A team well versed in artificial intelligence
Trio was founded in February 2016 and has raised three rounds of funding within one year, seizing a total amount of USD 12 million. Unlike typical startups which often burn tons of money on initial expansion during early stages of development, Trio is already well on its way to breaking even this year, according to Wang. This would be quite an achievement.
Interestingly, Trio was named after the fact that it has three co-founders: Wang, Chao Qi, and Yuchi Ma.
Wang, 35, full of energy, learned to program as early as elementary school. Though he did not major in programming in college, he would often hang around computer science students and has taken part in several global algorithm competitions.
“When I was in sophomore year, I was inspired by a professor who is specialized in Natural Language Processing (NLP),” Wang recalled. “He led me to where I am.”
He further acquired a doctor’s degree in Computer Science from University College London and became a naturalized British citizen. He studied and worked in Britain for 10 years before returning to China in 2015 to work for Baidu’s Xiaodu Robot, now known as DuerOS. His expertise is mainly focused on task-oriented spoken dialogue systems in which chatbots respond to and fulfill user-prompted tasks.

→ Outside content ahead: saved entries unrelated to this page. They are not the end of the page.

(* Let $\widehat D=(Q,\widehat\Sigma,q_0,\delta,F)$ be as in the context. For all $q,q'\in Q$ and $\sigma\in\Sigma$: if $\delta(q,\sigma^0)=q'$, then there exist $\mathit{act}\in\Sigma_{\mathsf{Act}}$ and $q_f\in Q$ with $\mathit{act}[0]=0$, $\delta(q,\mathit{act})=q_f$ and $\mathit{act}|_\sigma\in\{0,+1\}$; and if $\delta(q,\sigma^1)=q'$, then there exist $\mathit{act}\in\Sigma_{\mathsf{Act}}$ and $q_f\in Q$ with $\mathit{act}[0]=1$, $\delta(q,\mathit{act})=q_f$ and $\mathit{act}|_\sigma\in\{-1,0,+1\}$.
   Context: Let $\Sigma=\{\sigma_1,\dots,\sigma_k\}$ be a finite alphabet. A sample set is a pair of finite sets of words $\mathcal S^+,\mathcal S^-\subseteq\Sigma^*$ with $\mathcal S^+\cap\mathcal S^-=\emptyset$; write $\mathcal S=\mathcal S^+\cup\mathcal S^-$ and $\mathrm{pref}(\mathcal S)$ for the set of all prefixes (including $\varepsilon$ and the words themselves) of words of $\mathcal S$. We are given $\mathsf{ce}:\mathrm{pref}(\mathcal S)\to\mathbb N$ with $\mathsf{ce}(\varepsilon)=0$ and $\mathsf{ce}(w\sigma)-\mathsf{ce}(w)\in\{-1,0,+1\}$ whenever $w\sigma\in\mathrm{pref}(\mathcal S)$, $\sigma\in\Sigma$. For $d\in\mathbb N$, $\mathrm{sgn}(d)=0$ if $d=0$ and $1$ otherwise. For $w\in\mathrm{pref}(\mathcal S)$ define $\mathsf{Act}(w)\in\{0,1\}\times\{0,+1,-1,\bot\}^k$ by $\mathsf{Act}(w)[0]=\mathrm{sgn}(\mathsf{ce}(w))$ and, for $i\in[1,k]$, $\mathsf{Act}(w)[i]=\mathsf{ce}(w\sigma_i)-\mathsf{ce}(w)$ if $w\sigma_i\in\mathrm{pref}(\mathcal S)$, and $\mathsf{Act}(w)[i]=\bot$ otherwise. For a tuple $\mathit{act}$ of this shape, $\mathit{act}|_{\sigma_i}$ denotes $\mathit{act}[i]$. Two such tuples $x,y$ are similar, $x\sim y$, if either $x[0]\neq y[0]$, or for all $i\in[1,k]$: $x[i]=\bot$ or $y[i]=\bot$ or $x[i]=y[i]$; otherwise $x\not\sim y$. Let $\widetilde\Sigma=\{\sigma^0,\sigma^1:\sigma\in\Sigma\}$ (fresh letters). For $w\in\mathrm{pref}(\mathcal S)$, $\mathsf{Enc}(\varepsilon)=\varepsilon$ and $\mathsf{Enc}(w)$ is the word over $\widetilde\Sigma$ of the same length with $\mathsf{Enc}(w)[0]=w[0]^0$ and $\mathsf{Enc}(w)[i]=w[i]^{\mathrm{sgn}(\mathsf{ce}(w[0\cdots i-1]))}$ for $i>0$ (positions indexed from $0$). Let $\Sigma_{\mathsf{Act}}=\{\mathsf{Act}(w):w\in\mathrm{pref}(\mathcal S)\}$, viewed as a set of fresh letters, and $\widehat\Sigma=\widetilde\Sigma\cup\Sigma_{\mathsf{Act}}$. The enriched sample over $\widehat\Sigma$ is: $\widehat{\mathcal S}^+=\{\mathsf{Enc}(w):w\in\mathcal S^+\}\cup\{\mathsf{Enc}(w)\cdot\mathsf{Act}(w):w\in\mathrm{pref}(\mathcal S)\}$ and $\widehat{\mathcal S}^-=\{\mathsf{Enc}(w):w\in\mathcal S^-\}\cup\{\mathsf{Enc}(w)\cdot\mathit{op}:w\in\mathrm{pref}(\mathcal S),\ \mathit{op}\in\Sigma_{\mathsf{Act}},\ \mathit{op}\not\sim\mathsf{Act}(w)\}$. $\widehat D=(Q,\widehat\Sigma,q_0,\delta,F)$ is a deterministic finite automaton with possibly partial transition function $\delta$ (a word is accepted iff its run exists and ends in $F$) such that: (i) $\widehat D$ accepts every word of $\widehat{\mathcal S}^+$ and rejects every word of $\widehat{\mathcal S}^-$; (ii) every transition comes from a prefix of a positive sample: whenever $\delta(q,x)=q'$ with $x\in\widehat\Sigma$, there is a word $u$ with $ux\in\mathrm{pref}(\widehat{\mathcal S}^+)$ and $\delta(q_0,u)=q$. (These properties hold e.g. for the output of the RPNI algorithm.) *)

From mathcomp Require Import all_boot all_order all_algebra.
Set Implicit Arguments. Unset Strict Implicit. Unset Printing Implicit Defensive.

(* Alphabet Sigma = {sigma_1..sigma_k} is represented by 'I_k
   (sigma_{i+1} is the ordinal i). *)
Definition word (k : nat) := seq 'I_k.

(* An Act-tuple: component 0 is a bit (false = 0, true = 1), components
   1..k are elements of {0,+1,-1,bot}, represented as option int
   (None = bot). *)
Definition act (k : nat) := (bool * {ffun 'I_k -> option int})%type.

(* Letters of widehat Sigma: inl (sigma, b) is sigma^b (b = false is 0,
   b = true is 1); inr a is the Act-letter a. *)
Definition letter (k : nat) := ('I_k * bool + act k)%type.

Definition prefS (k : nat) (S : seq (word k)) (v : word k) : bool :=
  has (fun w => prefix v w) S.

Definition Act (k : nat) (S : seq (word k)) (ce : word k -> nat) (w : word k)
  : act k :=
  (ce w != 0%N,
   [ffun i => if prefS S (rcons w i)
              then Some ((ce (rcons w i))%:Z - (ce w)%:Z)%R else None]).

Definition similar (k : nat) (x y : act k) : bool :=
  (x.1 != y.1) ||
  [forall i, (x.2 i == None) || (y.2 i == None) || (x.2 i == y.2 i)].

Definition Enc (k : nat) (ce : word k -> nat) (w : word k) : seq (letter k) :=
  map (fun p : nat * 'I_k =>
         inl (p.2, if p.1 == 0%N then false else ce (take p.1 w) != 0%N))
      (zip (iota 0 (size w)) w).

Definition inSigmaAct (k : nat) (S : seq (word k)) (ce : word k -> nat)
  (a : act k) : Prop :=
  exists w, prefS S w /\ a = Act S ce w.

Definition posHat (k : nat) (Sp Sm : seq (word k)) (ce : word k -> nat)
  (u : seq (letter k)) : Prop :=
  (exists w, w \in Sp /\ u = Enc ce w) \/
  (exists w, prefS (Sp ++ Sm) w /\ u = rcons (Enc ce w) (inr (Act (Sp ++ Sm) ce w))).

Definition negHat (k : nat) (Sp Sm : seq (word k)) (ce : word k -> nat)
  (u : seq (letter k)) : Prop :=
  (exists w, w \in Sm /\ u = Enc ce w) \/
  (exists w op, prefS (Sp ++ Sm) w /\ inSigmaAct (Sp ++ Sm) ce op /\
     ~~ similar op (Act (Sp ++ Sm) ce w) /\ u = rcons (Enc ce w) (inr op)).

Definition run (k : nat) (Q : Type) (delta : Q -> letter k -> option Q)
  (q : Q) (u : seq (letter k)) : option Q :=
  foldl (fun o x => obind (fun p => delta p x) o) (Some q) u.

Definition accepts (k : nat) (Q : Type) (delta : Q -> letter k -> option Q)
  (q0 : Q) (F : pred Q) (u : seq (letter k)) : bool :=
  if run delta q0 u is Some q then F q else false.

(* A transition on [sigma^b] out of [q] is used by some positive word, so
   [q] is reached by a prefix [Enc w] of a positive encoding and the next
   letter of that encoding is [sigma^b]; hence [w sigma] is a sample prefix
   and [b = sgn (ce w)].  The positive word [Enc w . Act w] must be accepted
   by the deterministic automaton, so [q] has an [Act w]-transition, and
   [Act w] has first component [b] and [sigma]-entry [ce (w sigma) - ce w],
   which is [-1] only if [ce w > 0]. *)
From mathcomp Require Import all_boot all_order all_algebra.

Set Implicit Arguments.
Unset Strict Implicit.
Unset Printing Implicit Defensive.

Lemma take_zip (A B : Type) (a : seq A) (b : seq B) n :
  take n (zip a b) = zip (take n a) (take n b).
Proof. by elim: a b n => [|x a IHa] [|y b] [|n] //=; rewrite IHa. Qed.

Lemma prefix_rcons_neq (T : eqType) (u e : seq T) x y :
  x != y -> prefix (rcons u x) (rcons e y) -> prefix (rcons u x) e.
Proof.
move=> neq_xy; rewrite !prefixE size_rcons -cats1.
case: (ltnP (size u) (size e)) => [lt_ue|le_eu]; first by rewrite takel_cat.
rewrite take_oversize ?size_cat /= ?addn1 // cats1 => /eqP /rcons_inj [_ eq_xy].
by rewrite eq_xy eqxx in neq_xy.
Qed.

Lemma prefS_prefix k (S : seq (word k)) v w :
  prefix v w -> prefS S w -> prefS S v.
Proof.
by move=> pre_vw /hasP[z zS pre_wz]; apply/hasP; exists z; last exact: prefix_trans pre_wz.
Qed.

Lemma run_rcons k (Q : Type) (delta : Q -> letter k -> option Q) q u x :
  run delta q (rcons u x) = obind (delta^~ x) (run delta q u).
Proof. by rewrite /run foldl_rcons. Qed.

Lemma accepts_rcons_step k (Q : Type) (delta : Q -> letter k -> option Q)
    q0 F u x q :
  accepts delta q0 F (rcons u x) -> run delta q0 u = Some q ->
  exists q', delta q x = Some q'.
Proof.
rewrite /accepts run_rcons => + run_u; rewrite run_u /=.
by case: (delta q x) => [q'|] // _; exists q'.
Qed.

Section Encoding.

Variables (k : nat) (ce : word k -> nat).
Hypothesis ce_nil : ce [::] = 0%N.

Lemma Enc_take n w : take n (Enc ce w) = Enc ce (take n w).
Proof.
rewrite /Enc -map_take take_zip take_iota size_take_min.
apply/eq_in_map => -[i c] /(map_f fst) /=.
rewrite -/(unzip1 _) unzip1_zip ?size_iota ?size_take_min // mem_iota.
by rewrite leq_min => /andP[_ /andP[/ltnW le_in _]]; rewrite take_takel.
Qed.

(* The bit of a letter is [sgn (ce w)] of the preceding prefix [w]; the
   definition special-cases position 0, which [ce [::] = 0] makes uniform. *)
Lemma Enc_rcons w s : Enc ce (rcons w s) = rcons (Enc ce w) (inl (s, ce w != 0%N)).
Proof.
rewrite /Enc size_rcons -addn1 iotaD add0n cats1 zip_rcons ?size_iota //.
have take_w : take (size w) (rcons w s) = w by rewrite -cats1 take_size_cat.
rewrite map_rcons /= take_w; congr (rcons _ (inl (s, _))).
  apply/eq_in_map => -[i c] /(map_f fst) /=.
  rewrite -/(unzip1 _) unzip1_zip ?size_iota // mem_iota add0n => /andP[_ lt_iw].
  by rewrite -cats1 takel_cat // ltnW.
by case: eqP => [/size0nil ->|]; rewrite ?ce_nil.
Qed.

Lemma prefix_Enc_rcons u s b w :
  prefix (rcons u (inl (s, b))) (Enc ce w) ->
  exists w0, prefix (rcons w0 s) w /\ u = Enc ce w0 /\ b = (ce w0 != 0%N).
Proof.
rewrite prefixE Enc_take => /eqP.
have pre_w := prefix_take w (size (rcons u (inl (s, b)))).
case/lastP: (take _ w) pre_w => [|w0 s0] pre_w; first by case: (u).
by rewrite Enc_rcons => /rcons_inj [<- <- <-]; exists w0.
Qed.

End Encoding.

Lemma Act_bit k (S : seq (word k)) ce w : (Act S ce w).1 = (ce w != 0%N).
Proof. by []. Qed.

Lemma Act_entry k (S : seq (word k)) ce w s :
  prefS S (rcons w s) -> (Act S ce w).2 s = Some ((ce (rcons w s))%:Z - (ce w)%:Z)%R.
Proof. by move=> Sws; rewrite ffunE Sws. Qed.

Section Enriched.

Variables (k : nat) (Sp Sm : seq (word k)) (ce : word k -> nat).
Hypothesis ce_nil : ce [::] = 0%N.
Local Notation S := (Sp ++ Sm).

Lemma posHat_prefix_Enc u s b v :
  posHat Sp Sm ce v -> prefix (rcons u (inl (s, b))) v ->
  exists w, [/\ prefS S (rcons w s), u = Enc ce w & b = (ce w != 0%N)].
Proof.
have prefS_S w : prefS S w ->  prefix (rcons u (inl (s, b))) (Enc ce w) ->
    exists w0, [/\ prefS S (rcons w0 s), u = Enc ce w0 & b = (ce w0 != 0%N)].
  move=> Sw /(prefix_Enc_rcons ce_nil) [w0 [pre_w0 [-> ->]]].
  by exists w0; split=> //; exact: prefS_prefix pre_w0 Sw.
case=> [[w [wSp ->]] | [w [Sw ->]]].
  by apply: prefS_S; apply/hasP; exists w; rewrite ?mem_cat ?wSp ?prefix_refl.
by move=> pre_v; apply: prefS_S (prefix_rcons_neq _ pre_v).
Qed.

Variables (Q : Type) (q0 : Q) (delta : Q -> letter k -> option Q) (F : pred Q).
Hypothesis accepts_pos : forall u, posHat Sp Sm ce u -> accepts delta q0 F u.
Hypothesis delta_used : forall q x q', delta q x = Some q' ->
  exists u v, posHat Sp Sm ce v /\ prefix (rcons u x) v /\ run delta q0 u = Some q.

Lemma letter_step_Act q q' s b :
  delta q (inl (s, b)) = Some q' ->
  exists w qf, [/\ prefS S (rcons w s), inSigmaAct S ce (Act S ce w),
                   b = (ce w != 0%N) & delta q (inr (Act S ce w)) = Some qf].
Proof.
move=> /delta_used [u [v [pos_v [pre_v run_u]]]].
have [w [Sws def_u ->]] := posHat_prefix_Enc pos_v pre_v.
have Sw : prefS S w by exact: prefS_prefix (prefix_rcons w s) Sws.
have pos_Act : posHat Sp Sm ce (rcons u (inr (Act S ce w))).
  by right; exists w; rewrite def_u.
have [qf step] := accepts_rcons_step (accepts_pos pos_Act) run_u.
by exists w, qf; split=> //; exists w.
Qed.

End Enriched.

Theorem lemma2 (k : nat) (Sp Sm : seq (word k)) (ce : word k -> nat)
  (Q : finType) (q0 : Q) (delta : Q -> letter k -> option Q) (F : pred Q) :
  (forall w, w \in Sp -> w \notin Sm) ->
  ce [::] = 0%N ->
  (forall (w : word k) (s : 'I_k), prefS (Sp ++ Sm) (rcons w s) ->
     ((ce (rcons w s))%:Z - (ce w)%:Z)%R \in [:: 0%R; 1%R; (-1)%R]) ->
  (forall u, posHat Sp Sm ce u -> accepts delta q0 F u) ->
  (forall u, negHat Sp Sm ce u -> ~~ accepts delta q0 F u) ->
  (forall q x q', delta q x = Some q' ->
     exists u v, posHat Sp Sm ce v /\ prefix (rcons u x) v /\
                 run delta q0 u = Some q) ->
  forall (q q' : Q) (s : 'I_k),
    (delta q (inl (s, false)) = Some q' ->
       exists (a : act k) (qf : Q), inSigmaAct (Sp ++ Sm) ce a /\
         a.1 = false /\ delta q (inr a) = Some qf /\
         a.2 s \in [:: Some 0%R; Some 1%R]) /\
    (delta q (inl (s, true)) = Some q' ->
       exists (a : act k) (qf : Q), inSigmaAct (Sp ++ Sm) ce a /\
         a.1 = true /\ delta q (inr a) = Some qf /\
         a.2 s \in [:: Some (-1)%R; Some 0%R; Some 1%R]).
Proof.
move=> _ ce_nil ce_step accepts_pos _ delta_used q q' s.
split=> /(letter_step_Act ce_nil accepts_pos delta_used) [w [qf [Sws Sigma_w bit_w step]]];
  exists (Act (Sp ++ Sm) ce w), qf; rewrite Act_bit -bit_w Act_entry //;
  do !split=> //; move: (ce_step w s Sws); rewrite !inE.
- have /eqP ce_w0 : ce w == 0%N by apply/negbFE; rewrite -bit_w.
  by rewrite ce_w0 GRing.subr0; case: (ce _) => [|[|n]].
- by case/or3P=> /eqP ->; rewrite eqxx ?orbT.
Qed.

Qi, CTO of Trio, played a critical role in creating Microsoft’s chatbot XiaoIce and Baidu’s Duer before co-founding the AI startup. Qi differs slightly from Wang in that he specializes in non-task-oriented dialogue systems, also known as free-chatting systems. Trio’s third partner and COO, Ma, is a veteran in marketing and business development. The backgrounds and experiences of these three industry professionals integrate in a highly complementary manner.
Aside from its co-founders, Trio has a team of about 90 staff members with half of its research and development team hailing from Microsoft, Baidu, IBM, and Tencent with NLP focuses.
“In terms of Natural Language Understanding and dialogue systems, our team is one of the best in the market,” Wang claimed.
The AI service provider of star products
Generally speaking, as Wang wrote in an article, human-machine dialogues fall into four categories: 1) non-task-oriented dialogue (or “open-domain social dialogue”), 2) task-oriented spoken dialogue, 3) Question and answer (Q&A), and 4) recommendation. And it’s necessary to have a multi-domain decision-making system serving as the control center if one plans to combine these four AI functions into to a single application.
As mentioned earlier, in the case of non-task-oriented dialogue, users have free and open interaction with chatbots without a fixed purpose while in task-oriented spoken dialogue, users and chatbots converse back and forth in order to accomplish a certain task, such as finding a good restaurant in a specific geographic area.
Q&A is even more straightforward than task-oriented spoken dialogue, as chatbots can provide answers directly to users’ questions, such as “How much does an adult panda weigh?” Lastly, recommendation refers to a system in which a chatbot automatically recommends relevant information to a user’s inquiry. For instance, when a user asks “What is the origin of the marathon sporting event?”, the chatbot answers the question then may recommend an upcoming marathon in the user’s area.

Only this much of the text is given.